For v[1,2]=(2.89*0.02514**2(1-0.1638))/((0.1638+exp(1.7*0.02514*600-667.53437)))*((1+exp(-1.7*0.02514*(600-667.5347)))**2)).
v[1,3]]=(2.89*0.2766**2(1-0.30162))/((0.30162+exp(1.7*0.2766*600-724.60233)))*((1+exp(-1.7*0.2766*(600-724.60233)))**2)).
v[1,4] will be using the next line values of a b c but the t will be same as the t[1]. and do this until the last row. And that will be v1. And then I need to sum all the elements of v1 like v1{1,1] +v1[1,2]+ v1{1,3] ....v1[1,6] to make cs[1,1].

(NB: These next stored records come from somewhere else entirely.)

(* Bootstrap: while [x_eps] stays in the [rho]-neighbourhood of [X] its slope is at most
   [M C / 2], so it moves by at most [e M C < rho / 2] and cannot leave it. *)
Lemma position_stays_close M rho C : 0 < rho -> mass <= C -> 2 * e * M * C < rho ->
  (forall a b, dist2 (a, b) (X1, X2) <= rho ->
     Rabs (P1_2 f a b) <= M /\ Rabs (P2_2 f a b) <= M) ->
  forall r, - e <= r <= e -> Rabs (y1 r - X1) <= e * M * C /\ Rabs (y2 r - X2) <= e * M * C.
Proof.
  intros Hrho HC Hsmall HM.
  assert (HM0 : 0 <= M).
  { destruct (HM X1 X2) as [HP1 _]; [rewrite dist2_refl; lra|].
    pose proof (Rabs_pos (P1_2 f X1 X2)). lra. }
  assert (HC0 : 0 <= C).
  { pose proof (pulse_mass_le _ e (delta_continuous e He) (- e) e ltac:(lra)) as Hle.
    rewrite Rint_same in Hle. unfold mass in HC. lra. }
  assert (HeMC : 0 <= e * M * C)
    by (apply Rmult_le_pos; [apply Rmult_le_pos|]; lra).
  set (G := fun r => Rabs (y1 r - X1) + Rabs (y2 r - X2)).
  assert (Hclose : forall r, - e <= r <= e -> (forall s, - e <= s <= r -> G s <= rho) ->
     Rabs (y1 r - X1) <= e * M * C /\ Rabs (y2 r - X2) <= e * M * C).
  { intros r Hr HG.
    assert (Hslope : forall u, - e <= u <= r ->
              Rabs (z1 u) <= M * C / 2 /\ Rabs (z2 u) <= M * C / 2).
    { intros u Hu.
      assert (HMC : M / 2 * mass <= M * C / 2)
        by (replace (M * C / 2) with (M / 2 * C) by field; apply Rmult_le_compat_l; lra).
      destruct (slope_le u M ltac:(lra)) as [B1 B2]; [|lra].
      intros s Hs. apply HM. pose proof (HG s ltac:(lra)) as HGs. unfold G in HGs.
      pose proof (Rabs_pos (y1 s - X1)). pose proof (Rabs_pos (y2 s - X2)).
      unfold dist2; simpl. apply Rmax_lub; lra. }
    destruct (position_le r (M * C / 2) ltac:(lra) Hslope) as [B1 B2].
    assert (M * C / 2 * (r + e) <= e * M * C)
      by (assert (0 <= M * C) by (apply Rmult_le_pos; auto); nra).
    lra. }
  assert (HG : forall r, - e <= r <= e -> G r < rho).
  { apply continuous_induction; [lra| | |].
    - intros r _. apply continuity_plus; apply continuity_Rabs_comp, continuity_minus;
        try (apply continuity_const; intros ? ?; reflexivity).
      + exact (continuity_derivable_pt_lim _ _ y1_derivable).
      + exact (continuity_derivable_pt_lim _ _ y2_derivable).
    - destruct position_start as [E1 E2]. unfold G; cbv beta.
      rewrite E1, E2, !Rminus_diag, Rabs_R0. lra.
    - intros r Hr HGr. destruct (Hclose r Hr HGr). unfold G. lra. }
  intros r Hr. apply Hclose; [exact Hr|]. intros s Hs. left. apply HG. lra.
Qed.

Let energy_density r :=
  (P1_2 f (y1 r) (y2 r) * z1 r + P2_2 f (y1 r) (y2 r) * z2 r) * delta e r.

Lemma energy_density_continuous : continuity energy_density.
Proof.
  pose proof (continuity_derivable_pt_lim _ _ y1_derivable) as Hy1.
  pose proof (continuity_derivable_pt_lim _ _ y2_derivable) as Hy2.
  apply continuity_mult; [|exact (delta_continuous e He)].
  apply continuity_plus; apply continuity_mult.
  - exact (continuity_comp2 _ _ _ cont2_P1_2 Hy1 Hy2).
  - exact (continuity_derivable_pt_lim _ _ z1_derivable).
  - exact (continuity_comp2 _ _ _ cont2_P2_2 Hy1 Hy2).
  - exact (continuity_derivable_pt_lim _ _ z2_derivable).
Qed.

(* The ODE makes [energy_density] the derivative of [|x_eps'|^2]. *)
Lemma energy_identity u : Rint energy_density (- e) u = z1 u * z1 u + z2 u * z2 u.
Proof.
  set (Phi := fun s => Rint energy_density (- e) s - (z1 s * z1 s + z2 s * z2 s)).
  assert (HPhi : Phi u = Phi (- e)).
  { apply derivative_zero_const. intros s. unfold Phi.
    replace 0 with (energy_density s - ((/ 2 * P1_2 f (y1 s) (y2 s) * delta e s * z1 s
                                         + z1 s * (/ 2 * P1_2 f (y1 s) (y2 s) * delta e s))
                                        + (/ 2 * P2_2 f (y1 s) (y2 s) * delta e s * z2 s
                                         + z2 s * (/ 2 * P2_2 f (y1 s) (y2 s) * delta e s))))
      by (unfold energy_density; field).
    apply derivable_pt_lim_minus; [apply derivable_pt_lim_Rint, energy_density_continuous|].
    apply derivable_pt_lim_plus; apply derivable_pt_lim_mult;
      auto using z1_derivable, z2_derivable. }
  unfold Phi in HPhi. rewrite Rint_same in HPhi.
  destruct (slope_before (- e) ltac:(lra)) as [Z1 Z2]. rewrite Z1, Z2 in HPhi. lra.
Qed.

Lemma derivable_w_eps V U :
  derivable_pt_lim (fun u => w_eps f delta x1 x2 e X1 X2 V u) U (z1 U * z1 U + z2 U * z2 U).
Proof.
  rewrite <- energy_identity. replace (Rint energy_density (- e) U)
    with (0 + Rint energy_density (- e) U) by ring.
  apply derivable_pt_lim_plus; [apply derivable_pt_lim_const|].
  apply (derivable_pt_lim_Rint (fun s => Rint energy_density (- e) s)).
  exact (continuity_derivable_pt_lim _ _ (fun s =>
           derivable_pt_lim_Rint _ (- e) s energy_density_continuous)).
Qed.

Lemma derivable_v_eps V U :
  derivable_pt_lim (fun u => v_eps f delta x1 x2 e X1 X2 V u) U
    (z1 U * z1 U + z2 U * z2 U + f (y1 U) (y2 U) * delta e U).
Proof.
  apply derivable_pt_lim_plus; [apply derivable_w_eps|].
  apply (derivable_pt_lim_Rint (fun s => f (y1 s) (y2 s) * delta e s)).
  apply continuity_mult; [|exact (delta_continuous e He)].
  apply continuity_comp2; [exact (Hf 0%nat)| |];
    apply (continuity_derivable_pt_lim _ _ y1_derivable)
    || apply (continuity_derivable_pt_lim _ _ y2_derivable).
Qed.

Lemma slope_after_pulse M rho C d eta theta :
  0 < rho -> mass <= C -> 2 * e * M * C < rho -> e * M * C < d -> 0 <= eta ->
  (forall a b, dist2 (a, b) (X1, X2) <= rho ->
     Rabs (P1_2 f a b) <= M /\ Rabs (P2_2 f a b) <= M) ->
  (forall a b, dist2 (a, b) (X1, X2) < d ->
     Rabs (P1_2 f a b - P1_2 f X1 X2) <= eta /\ Rabs (P2_2 f a b - P2_2 f X1 X2) <= eta) ->
  Rabs (Rint (delta e) (- e) e - 1) <= theta ->
  Rabs (z1 e - / 2 * P1_2 f X1 X2) <= eta / 2 * C + Rabs (/ 2 * P1_2 f X1 X2) * theta /\
  Rabs (z2 e - / 2 * P2_2 f X1 X2) <= eta / 2 * C + Rabs (/ 2 * P2_2 f X1 X2) * theta.
Proof.
  intros Hrho HC Hsmall Hd Heta HM Hgrad Htheta.
  assert (Hclose : forall s, - e <= s <= e ->
     Rabs (P1_2 f (y1 s) (y2 s) - P1_2 f X1 X2) <= eta /\
     Rabs (P2_2 f (y1 s) (y2 s) - P2_2 f X1 X2) <= eta).
  { intros s Hs. destruct (position_stays_close M rho C Hrho HC Hsmall HM s Hs) as [B1 B2].
    apply Hgrad, dist2_lt. simpl. lra. }
  pose proof (delta_continuous e He) as Hcont.
  destruct (slope_before (- e) ltac:(lra)) as [Z1 Z2].
  split.
  - apply (pulse_response_total (delta e) e (proj1 He) Hcont _ _ _ (eta / 2) theta C
      z1_derivable Z1); auto; [lra|].
    intros s Hs. rewrite <- Rmult_minus_distr_l, Rabs_mult, Rabs_inv, (Rabs_right 2) by lra.
    destruct (Hclose s Hs). lra.
  - apply (pulse_response_total (delta e) e (proj1 He) Hcont _ _ _ (eta / 2) theta C
      z2_derivable Z2); auto; [lra|].
    intros s Hs. rewrite <- Rmult_minus_distr_l, Rabs_mult, Rabs_inv, (Rabs_right 2) by lra.
    destruct (Hclose s Hs). lra.
Qed.

Lemma slope_vs_limit U eps M : U < - e \/ e < U -> 0 <= eps <= 1 ->
  Rabs (/ 2 * P1_2 f X1 X2) <= M / 2 -> Rabs (/ 2 * P2_2 f X1 X2) <= M / 2 ->
  Rabs (z1 e - / 2 * P1_2 f X1 X2) <= eps -> Rabs (z2 e - / 2 * P2_2 f X1 X2) <= eps ->
  Rabs (z1 U - if Rlt_dec 0 U then / 2 * P1_2 f X1 X2 else 0) <= eps /\
  Rabs (z2 U - if Rlt_dec 0 U then / 2 * P2_2 f X1 X2 else 0) <= eps /\
  Rabs (z1 U * z1 U + z2 U * z2 U
        - if Rlt_dec 0 U then / 4 * (P1_2 f X1 X2 ^ 2 + P2_2 f X1 X2 ^ 2) else 0)
    <= 2 * eps * (M + 1).
Proof.
  intros HU Heps HA1 HA2 Hz1 Hz2.
  assert (HM : 0 <= M) by (pose proof (Rabs_pos (/ 2 * P1_2 f X1 X2)); lra).
  destruct (Rlt_dec 0 U) as [Hpos|Hneg].
  - destruct (slope_after U ltac:(lra)) as [-> ->].
    replace (z1 e * z1 e + z2 e * z2 e - / 4 * (P1_2 f X1 X2 ^ 2 + P2_2 f X1 X2 ^ 2))
      with ((z1 e * z1 e - / 2 * P1_2 f X1 X2 * (/ 2 * P1_2 f X1 X2))
          + (z2 e * z2 e - / 2 * P2_2 f X1 X2 * (/ 2 * P2_2 f X1 X2))) by field.
    pose proof (Rabs_sqr_sub_le _ _ _ _ Hz1 HA1 ltac:(lra)).
    pose proof (Rabs_sqr_sub_le _ _ _ _ Hz2 HA2 ltac:(lra)).
    split; [lra|split; [lra|]].
    eapply Rle_trans; [apply Rabs_triang|]. lra.
  - destruct (slope_before U ltac:(lra)) as [-> ->].
    rewrite !Rmult_0_l, Rplus_0_l, Rminus_0_r, Rabs_R0. repeat split; nra.
Qed.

The SAS language isn't that good at doing these kinds of things, which are essentially matrix calculations. The DATA step normally processes one observation at a time, though you can carry calculations over using the RETAIN statement. It is possible that you could get a cleaner result than this if you had access to PROC IML (which does matrix calculations natively), but assuming that you don't have access to IML, you need to do something like the following. I'm not 100% sure that it is what you need, but I think it is along the right lines:
data try;
infile cards missover;
input rs t a b c;
datalines;
0 600
1 600 0.02514 667.53437 0.1638
2 600 0.2766 724.60233 0.30162
3 610 0.01592 792.34628 0.21354
4 615.2869 0.03027 718.30377 0.22097
5 636.0273 0.01967 705.45965 0.16847
;
run;
data try4(rename=(aa=a bb=b cc=c css=cs tt=t vv1=v1 vv2=v2 vv3=v3 vv4=v4 vv5=v5 vv6=v6));
* Construct arrays into which we will read all of the records;
array t(6);
array a(6);
array b(6);
array c(6);
array v(6,6);
array cs(6);
* Read all six records;
do i=1 to 6;
set try(rename=(t=tt a=aa b=bb c=cc));
t[i] = tt;
a[i] = aa;
b[i] = bb;
c[i] = cc;
end;
* Now do the calculation, which involves values from each
row at each iteration;
do i=1 to 6;
cs[i]=0;
do j=1 to 6;
v[i,j]=(2.89*(a[j]**2*(1-c[j]))/
((c[j]+exp(1.7*a[j]*(t[i]-b[j])))*
((1+exp(-1.7*a[j]*(t[i]-b[j])))**2)));
cs[i]+v[i,j];
end;
* Then output the values for this iteration;
tt=t[i];
aa=a[i];
bb=b[i];
cc=c[i];
css=cs[i];
vv1=v[i,1];
vv2=v[i,2];
vv3=v[i,3];
vv4=v[i,4];
vv5=v[i,5];
vv6=v[i,6];
keep tt aa bb cc vv1-vv6 css;
output try4;
end;
Note that I have to construct arrays of known size, that is you have to know how many input records there are.
The first half of the DATA step constructs arrays into which the values from the input data set are read. We read all of the records, and then we do all of the calculations, since we have all of the values in memory in the matricies.
There is some fiddling with RENAMES so that you can keep the array names t, a, b, c etc but still have variables named a, b, c etc in the output data set.
So hopefully that might help you along a bit. Either that or confuse you because I've misunderstood what you're trying to do!